Rita became storm of Category 4

Residents of this island city packed up mementoes and pets and started evacuating Wednesday as Hurricane Rita intensified into a Category 4 storm with 135 mph winds and threatened to devastate the Texas coast or already-battered Louisiana by week's end.

Mandatory evacuations were ordered for Galveston and New Orleans, one day after Rita sideswiped the Florida Keys as a Category 2 storm, causing relatively minor damage. Having seen what Katrina did, many residents decided not to take any chances, Guardian informs.

"After this killer in New Orleans, Katrina, I just cannot fathom staying," 59-year-old Ldyyan Jean Jocque said before sunrise Wednesday as she waited for an evacuation bus outside the Galveston Community Center. She had packed her Bible, some music and clothes into plastic bags and loaded her dog into a pet carrier.

The federal government was eager to show it, too, had learned its lesson, after getting pounded for its sluggish reponse to Katrina. It rushed hundreds of truckloads of water, ice and ready-made meals to the Gulf Coast and put rescue and medical teams on standby.

At 8 a.m. EDT, Rita was centered about 195 miles west of Key West and 700 miles southeast of Galveston, moving west at 14 mph. Forecasters predicted it would come ashore Saturday somewhere between northern Mexico and western Louisiana, most likely in Texas.

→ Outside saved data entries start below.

(* Let $f,g:(0,\infty)\to\mathbb{R}$ be convex functions with $f(1)=g(1)=0$. Then the set of $(f,g)$-achievable points is a convex subset of $\mathbb{R}^2$.
   Context: For a convex function $f:(0,\infty)\to\mathbb{R}$ with $f(1)=0$, set $f(0)=\lim_{t\to0}f(t)$, $f^{\ast}(t)=tf(t^{-1})$ and $f^{\ast}(0)=\lim_{t\to\infty}f(t)/t$. If $P,Q$ are probability measures absolutely continuous with respect to a measure $\mu$ with densities $p=dP/d\mu$, $q=dQ/d\mu$, the $f$-divergence is $D_f(P,Q)=\int_{\{q>0\}} f(p/q)\,dQ+f^{\ast}(0)\,P(q=0)$. A point $(x,y)\in\mathbb{R}^2$ is called $(f,g)$-achievable if there exist probability measures $P,Q$ on some common measurable space ($\sigma$-algebra) such that $(x,y)=(D_f(P,Q),D_g(P,Q))$. *)

From HB Require Import structures.
From mathcomp Require Import all_boot all_order all_algebra.
From mathcomp Require Import all_classical all_reals all_analysis.
Set Implicit Arguments. Unset Strict Implicit. Unset Printing Implicit Defensive.
Import Order.TTheory GRing.Theory Num.Theory.
Import numFieldNormedType.Exports.
Local Open Scope classical_set_scope.
Local Open Scope ring_scope.

Section FDiv.
Variable R : realType.

Definition convex_on_pos (f : R -> R) : Prop :=
  forall x y t : R, 0 < x -> 0 < y -> 0 <= t -> t <= 1 ->
    f (t * x + (1 - t) * y) <= t * f x + (1 - t) * f y.

Definition f_at0 (f : R -> R) : \bar R :=
  lim ((fun t => (f t)%:E) @ 0^'+).

Definition fstar_at0 (f : R -> R) : \bar R :=
  lim ((fun t => (f t / t)%:E) @ +oo).

Definition fext (f : R -> R) (t : R) : \bar R :=
  if 0 < t then (f t)%:E else f_at0 f.

Definition is_density {d} {T : measurableType d}
  (mu : {measure set T -> \bar R}) (P : set T -> \bar R) (p : T -> R) : Prop :=
  [/\ measurable_fun setT p, (forall x, 0 <= p x) &
      forall A, measurable A -> P A = (\int[mu]_(x in A) (p x)%:E)%E].

Definition fdiv (f : R -> R) {d} {T : measurableType d}
  (P Q : probability T R) (p q : T -> R) : \bar R :=
  ((\int[Q]_(x in [set x | (0 < q x)%R]) fext f (p x / q x)%R)
   + fstar_at0 f * P [set x | q x = 0%R])%E.

Definition achievable (f g : R -> R) (xy : R * R) : Prop :=
  exists (d : measure_display) (T : measurableType d)
    (mu : {measure set T -> \bar R}) (P Q : probability T R) (p q : T -> R),
    [/\ is_density mu P p, is_density mu Q q,
        fdiv f P Q p q = xy.1%:E & fdiv g P Q p q = xy.2%:E].

End FDiv.

From HB Require Import structures.
From mathcomp Require Import all_boot all_order all_algebra.
From mathcomp Require Import all_classical all_reals all_analysis.
From mathcomp Require Import measurable_realfun.
From mathcomp Require Import ring lra.
Import Order.TTheory GRing.Theory Num.Theory.
Local Open Scope classical_set_scope.
Local Open Scope ring_scope.

(* Realise a with (P1, Q1) on T1 and b with (P2, Q2) on T2, and put the two
   pairs side by side on the disjoint union of T1 and T2 (encoded as
   T1 * T2 * bool, the unused coordinate being a default point), mixing them
   with weights t and 1 - t.  If the reference measures are mixed with the same
   weights, the densities are unchanged on each piece, so p/q restricts to
   p1/q1 and p2/q2: both the integral over {q > 0} and the singular part
   P(q = 0) of D_f split as t * (...) + (1 - t) * (...), hence
   D_f(P, Q) = t D_f(P1, Q1) + (1 - t) D_f(P2, Q2), and likewise for g.
   Convexity is only used to make f measurable. *)

Section convex_measurable.
Variable R : realType.
Implicit Types f : R -> R.

Lemma convex_on_pos_lt_interval f (a : R) : convex_on_pos f ->
  is_interval ([set x | 0 < x] `&` [set x | f x < a]).
Proof.
move=> cf x y [/= x0 fxa] [/= y0 fya] z /andP[xz zy].
split=> /=; first exact: lt_le_trans xz.
have [lxy|yx] := ltrP x y; last first.
  by have -> : z = x by apply/eqP; rewrite eq_le xz (le_trans zy yx).
pose l := (y - z) / (y - x).
have -> : z = l * x + (1 - l) * y by rewrite /l; field; rewrite subr_eq0 gt_eqF.
have l0 : 0 <= l by rewrite /l divr_ge0 // subr_ge0 // ltW.
have l1 : l <= 1 by rewrite /l ler_pdivrMr ?subr_gt0 // mul1r; lra.
apply: le_lt_trans (cf x y l x0 y0 l0 l1) _.
have max_lt : Num.max (f x) (f y) < a by rewrite gt_max fxa fya.
apply: le_lt_trans max_lt.
have : l * f x + (1 - l) * f y <=
       l * Num.max (f x) (f y) + (1 - l) * Num.max (f x) (f y).
  by rewrite lerD // ler_wpM2l ?subr_ge0 // ?le_max lexx ?orbT.
lra.
Qed.

Lemma measurable_convex_on_pos f : convex_on_pos f ->
  measurable_fun [set x : R | 0 < x] f.
Proof.
move=> cf; apply: (measurability _ (RGenInftyO.measurableE R)) => //.
move=> _ [_ [a ->] <-]; apply: is_interval_measurable.
rewrite (_ : _ @^-1` _ = [set x | f x < a]); last first.
  by apply/seteqP; split => x /=; rewrite in_itv.
exact: convex_on_pos_lt_interval.
Qed.

Lemma measurable_invr : measurable_fun [set: R] (@GRing.inv R).
Proof.
rewrite (_ : GRing.inv = fun x : R => if x == 0 then 0 else x^-1); last first.
  by apply/funext => x; case: eqP => // ->; rewrite invr0.
apply: measurable_fun_if => //; first exact: measurable_fun_eqr.
rewrite (_ : _ `&` _ = [set x | x != 0]); last first.
  by apply/seteqP; split => x /=; [case => _; move/negbT|move=> /negbTE ->].
apply: open_continuous_measurable_fun; first exact: open_neq.
by move=> x; rewrite inE => x0; exact: inv_continuous.
Qed.

Lemma measurable_fext f : convex_on_pos f -> measurable_fun [set: R] (fext f).
Proof.
move=> cf; apply: measurable_fun_if => //; first exact: measurable_fun_ltr.
rewrite setTI; apply: measurableT_comp => //.
exact: measurable_convex_on_pos.
Qed.

End convex_measurable.

Section ereal_combination.
Variable R : realType.
Local Open Scope ereal_scope.

Lemma ge0_subD_EFin (A B X : \bar R) (a : R) : 0 <= A -> 0 <= B ->
  A - B + X = a%:E -> exists a' b' x', [/\ A = a'%:E, B = b'%:E & X = x'%:E].
Proof. by case: A B X => [a'| |] [b'| |] [x'| |] //= *; exists a', b', x'. Qed.

(* The shape of [fdiv] after [integralE]: positive, negative and singular part. *)
Lemma ge0_subD_conv (t s : R) (A1 B1 E1 A2 B2 E2 c : \bar R) (a1 a2 : R) :
  (0 <= t)%R -> (0 <= s)%R -> 0 <= A1 -> 0 <= B1 -> 0 <= E1 ->
  0 <= A2 -> 0 <= B2 -> 0 <= E2 ->
  A1 - B1 + c * E1 = a1%:E -> A2 - B2 + c * E2 = a2%:E ->
  (t%:E * A1 + s%:E * A2) - (t%:E * B1 + s%:E * B2) + c * (t%:E * E1 + s%:E * E2)
   = (t * a1 + s * a2)%:E.
Proof.
move=> t0 s0 A10 B10 E10 A20 B20 E20 h1 h2.
rewrite ge0_muleDr ?mule_ge0 // (muleCA c t%:E) (muleCA c s%:E).
have [a1' [b1' [x1' [eA1 eB1 e1]]]] := ge0_subD_EFin _ _ _ _ A10 B10 h1.
have [a2' [b2' [x2' [eA2 eB2 e2]]]] := ge0_subD_EFin _ _ _ _ A20 B20 h2.
move: h1 h2; rewrite eA1 eB1 e1 eA2 eB2 e2 -!EFinM -!EFinN -!EFinD => -[<-] [<-].
congr EFin; ring.
Qed.

End ereal_combination.

Section disjoint_union.
Context {d1 d2 : measure_display} {T1 : measurableType d1} {T2 : measurableType d2}
  {R : realType}.
Local Notation T := (T1 * T2 * bool)%type.

Definition inj1 (x : T1) : T := (x, point, true).
Definition inj2 (y : T2) : T := (point, y, false).

Lemma measurable_inj1 : measurable_fun setT inj1.
Proof. by apply: measurable_fun_pair => //; apply: measurable_fun_pair. Qed.

Lemma measurable_inj2 : measurable_fun setT inj2.
Proof. by apply: measurable_fun_pair => //; apply: measurable_fun_pair. Qed.

HB.instance Definition _ := isMeasurableFun.Build _ _ _ _ inj1 measurable_inj1.
HB.instance Definition _ := isMeasurableFun.Build _ _ _ _ inj2 measurable_inj2.

Definition join_fun (h1 : T1 -> R) (h2 : T2 -> R) (z : T) : R :=
  if z.2 then h1 z.1.1 else h2 z.1.2.

Lemma measurable_join_fun h1 h2 : measurable_fun setT h1 ->
  measurable_fun setT h2 -> measurable_fun setT (join_fun h1 h2).
Proof.
move=> mh1 mh2; apply: measurable_fun_ifT; first exact: measurable_snd.
- by apply: measurableT_comp => //; apply: measurableT_comp.
- by apply: measurableT_comp => //; apply: measurableT_comp.
Qed.

Definition mix_measure (t s : {nonneg R}) (m1 : {measure set T1 -> \bar R})
  (m2 : {measure set T2 -> \bar R}) : {measure set T -> \bar R}.
Proof.
(* The measure structure of [pushforward] is conditional on measurability. *)
refine (measure_add (mscale t (pushforward m1 inj1 : {measure set T -> \bar R}))
                    (mscale s (pushforward m2 inj2 : {measure set T -> \bar R}))).
all: exact: measurable_funPT.
Defined.

Local Open Scope ereal_scope.

Lemma mix_measureE t s m1 m2 A : mix_measure t s m1 m2 A =
  t%:num%:E * m1 (inj1 @^-1` A) + s%:num%:E * m2 (inj2 @^-1` A).
Proof. exact: measure_addE. Qed.

Lemma ge0_integral_mix_measure t s m1 m2 (D : set T) (G : T -> \bar R) :
  measurable D -> measurable_fun [set: T] G -> (forall z, 0 <= G z) ->
  \int[mix_measure t s m1 m2]_(z in D) G z =
  t%:num%:E * \int[m1]_(x in inj1 @^-1` D) (G \o inj1) x +
  s%:num%:E * \int[m2]_(y in inj2 @^-1` D) (G \o inj2) y.
Proof.
move=> mD mG G0; have mGD : measurable_fun D G by exact: measurable_funTS.
rewrite ge0_integral_measure_add // ?ge0_integral_mscale //.
congr (_ * _ + _ * _).
- exact: ge0_integral_pushforward.
- exact: ge0_integral_pushforward.
Qed.

Section mix_probability.
Variables (t s : {nonneg R}).
Hypothesis ts1 : (t%:num + s%:num = 1)%R.
Variables (P1 : probability T1 R) (P2 : probability T2 R).

Let mix_measure_setT : mix_measure t s P1 P2 setT = 1.
Proof.
rewrite mix_measureE !preimage_setT.
rewrite (_ : (P1 : {measure set T1 -> \bar R}) setT = 1); last exact: probability_setT.
rewrite (_ : (P2 : {measure set T2 -> \bar R}) setT = 1); last exact: probability_setT.
by rewrite !mule1 -EFinD ts1.
Qed.

Definition mix_probability : probability T R :=
  HB.pack_for (probability T R) (mix_measure t s P1 P2 : set T -> \bar R)
    (Measure.class (mix_measure t s P1 P2))
    (Measure_isProbability.Build _ _ _ _ mix_measure_setT).

Lemma mix_probabilityE A : mix_probability A =
  t%:num%:E * P1 (inj1 @^-1` A) + s%:num%:E * P2 (inj2 @^-1` A).
Proof. exact: mix_measureE. Qed.

Lemma ge0_integral_mix_probability (D : set T) (G : T -> \bar R) :
  measurable D -> measurable_fun [set: T] G -> (forall z, 0 <= G z) ->
  \int[mix_probability]_(z in D) G z =
  t%:num%:E * \int[P1]_(x in inj1 @^-1` D) (G \o inj1) x +
  s%:num%:E * \int[P2]_(y in inj2 @^-1` D) (G \o inj2) y.
Proof. exact: ge0_integral_mix_measure. Qed.

End mix_probability.
End disjoint_union.

Arguments mix_probability {d1 d2 T1 T2 R t s}.

Section fdiv_mixture.
Context d1 d2 (T1 : measurableType d1) (T2 : measurableType d2) (R : realType).
Variables (t s : {nonneg R}).
Hypothesis ts1 : t%:num + s%:num = 1.

Lemma is_density_mix (mu1 : {measure set T1 -> \bar R}) (mu2 : {measure set T2 -> \bar R})
    (P1 : probability T1 R) (P2 : probability T2 R) (p1 : T1 -> R) (p2 : T2 -> R) :
  is_density mu1 P1 p1 -> is_density mu2 P2 p2 ->
  is_density (mix_measure t s mu1 mu2) (mix_probability ts1 P1 P2) (join_fun p1 p2).
Proof.
move=> [mp1 p1_ge0 P1E] [mp2 p2_ge0 P2E]; split.
- exact: measurable_join_fun.
- by case=> [[x y] []]; rewrite /join_fun /=.
- move=> A mA; rewrite mix_probabilityE ge0_integral_mix_measure //.
  + by rewrite P1E ?P2E //; exact: measurable_funPTI.
  + by apply: measurableT_comp => //; exact: measurable_join_fun.
  + by case=> [[x y] []]; rewrite lee_fin /join_fun /=.
Qed.

Lemma fdiv_mix (f : R -> R) (P1 Q1 : probability T1 R) (P2 Q2 : probability T2 R)
    (p1 q1 : T1 -> R) (p2 q2 : T2 -> R) (x1 x2 : R) :
  convex_on_pos f ->
  measurable_fun setT p1 -> measurable_fun setT q1 ->
  measurable_fun setT p2 -> measurable_fun setT q2 ->
  fdiv f P1 Q1 p1 q1 = x1%:E -> fdiv f P2 Q2 p2 q2 = x2%:E ->
  fdiv f (mix_probability ts1 P1 P2) (mix_probability ts1 Q1 Q2)
    (join_fun p1 p2) (join_fun q1 q2) = (t%:num * x1 + s%:num * x2)%:E.
Proof.
move=> cf mp1 mq1 mp2 mq2.
have mp := measurable_join_fun _ _ mp1 mp2.
have mq := measurable_join_fun _ _ mq1 mq2.
have mF : measurable_fun setT
    (fun z => fext f (join_fun p1 p2 z / join_fun q1 q2 z)).
  apply: measurableT_comp; first exact: measurable_fext.
  exact: measurable_funM mp (measurableT_comp (measurable_invr R) mq).
have mD : measurable [set z | 0 < join_fun q1 q2 z].
  rewrite (_ : [set z | _] = setT `&` join_fun q1 q2 @^-1` `]0, +oo[).
    exact: mq.
  by apply/seteqP; split => z /=; rewrite in_itv /= andbT // => -[].
rewrite /fdiv integralE => h1; rewrite integralE => h2; rewrite integralE.
rewrite !ge0_integral_mix_probability //; last 2 first.
- exact: measurable_funeneg.
- exact: measurable_funepos.
rewrite -!funepos_comp -!funeneg_comp mix_probabilityE.
move: h1 h2; apply: ge0_subD_conv => //.
all: by apply: integral_ge0 => x _; rewrite ?funepos_ge0 ?funeneg_ge0.
Qed.

End fdiv_mixture.

Theorem theorem1 (R : realType) (f g : R -> R) :
  convex_on_pos f -> convex_on_pos g -> f 1 = 0 -> g 1 = 0 ->
  forall (a b : R * R) (t : R), 0 <= t -> t <= 1 ->
    achievable f g a -> achievable f g b ->
    achievable f g (t * a.1 + (1 - t) * b.1, t * a.2 + (1 - t) * b.2).
Proof.
move=> cf cg _ _ a b t t0 t1
  [d1 [T1 [mu1 [P1 [Q1 [p1 [q1 [dP1 dQ1 fa ga]]]]]]]]
  [d2 [T2 [mu2 [P2 [Q2 [p2 [q2 [dP2 dQ2 fb gb]]]]]]]].
have s0 : 0 <= 1 - t by rewrite subr_ge0.
have ts1 : (NngNum t0)%:num + (NngNum s0)%:num = 1 by rewrite /= addrC subrK.
have [[mp1 _ _] [mq1 _ _]] := (dP1, dQ1).
have [[mp2 _ _] [mq2 _ _]] := (dP2, dQ2).
exists _, _, (mix_measure (NngNum t0) (NngNum s0) mu1 mu2),
  (mix_probability ts1 P1 P2), (mix_probability ts1 Q1 Q2),
  (join_fun p1 p2), (join_fun q1 q2).
by split; [exact: is_density_mix | exact: is_density_mix | exact: fdiv_mix | exact: fdiv_mix].
Qed.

Meteorologist northern Mexico and western Louisiana, of the National Hurricane Center in Miami said Rita could strengthen to a Category 5 with wind over 155 mph as it moves over the warm waters of the gulf, or it could ease to a Category 3, with wind of less than 130 mph.

In New Orleans, the Army Corps of Engineers raced to patch the city's fractured levee system for fear the additional rain could swamp the walls and flood the city all over again. The Corps said New Orleans' levees can only handle up to 6 inches of rain and a storm surge of 10 to 12 feet.

"The protection is very tenuous at best," said Dave Wurtzel, a Corps official handling some of the repairs.

Engineers and contractors drove a massive metal barrier across the 17th Street Canal bed to prevent a storm surge from Lake Pontchartrain from swamping New Orleans again, and worked around the clock to repair the damaged pumps, concrete floodwalls, earthen berms and waterways that protect the below-sea-level city.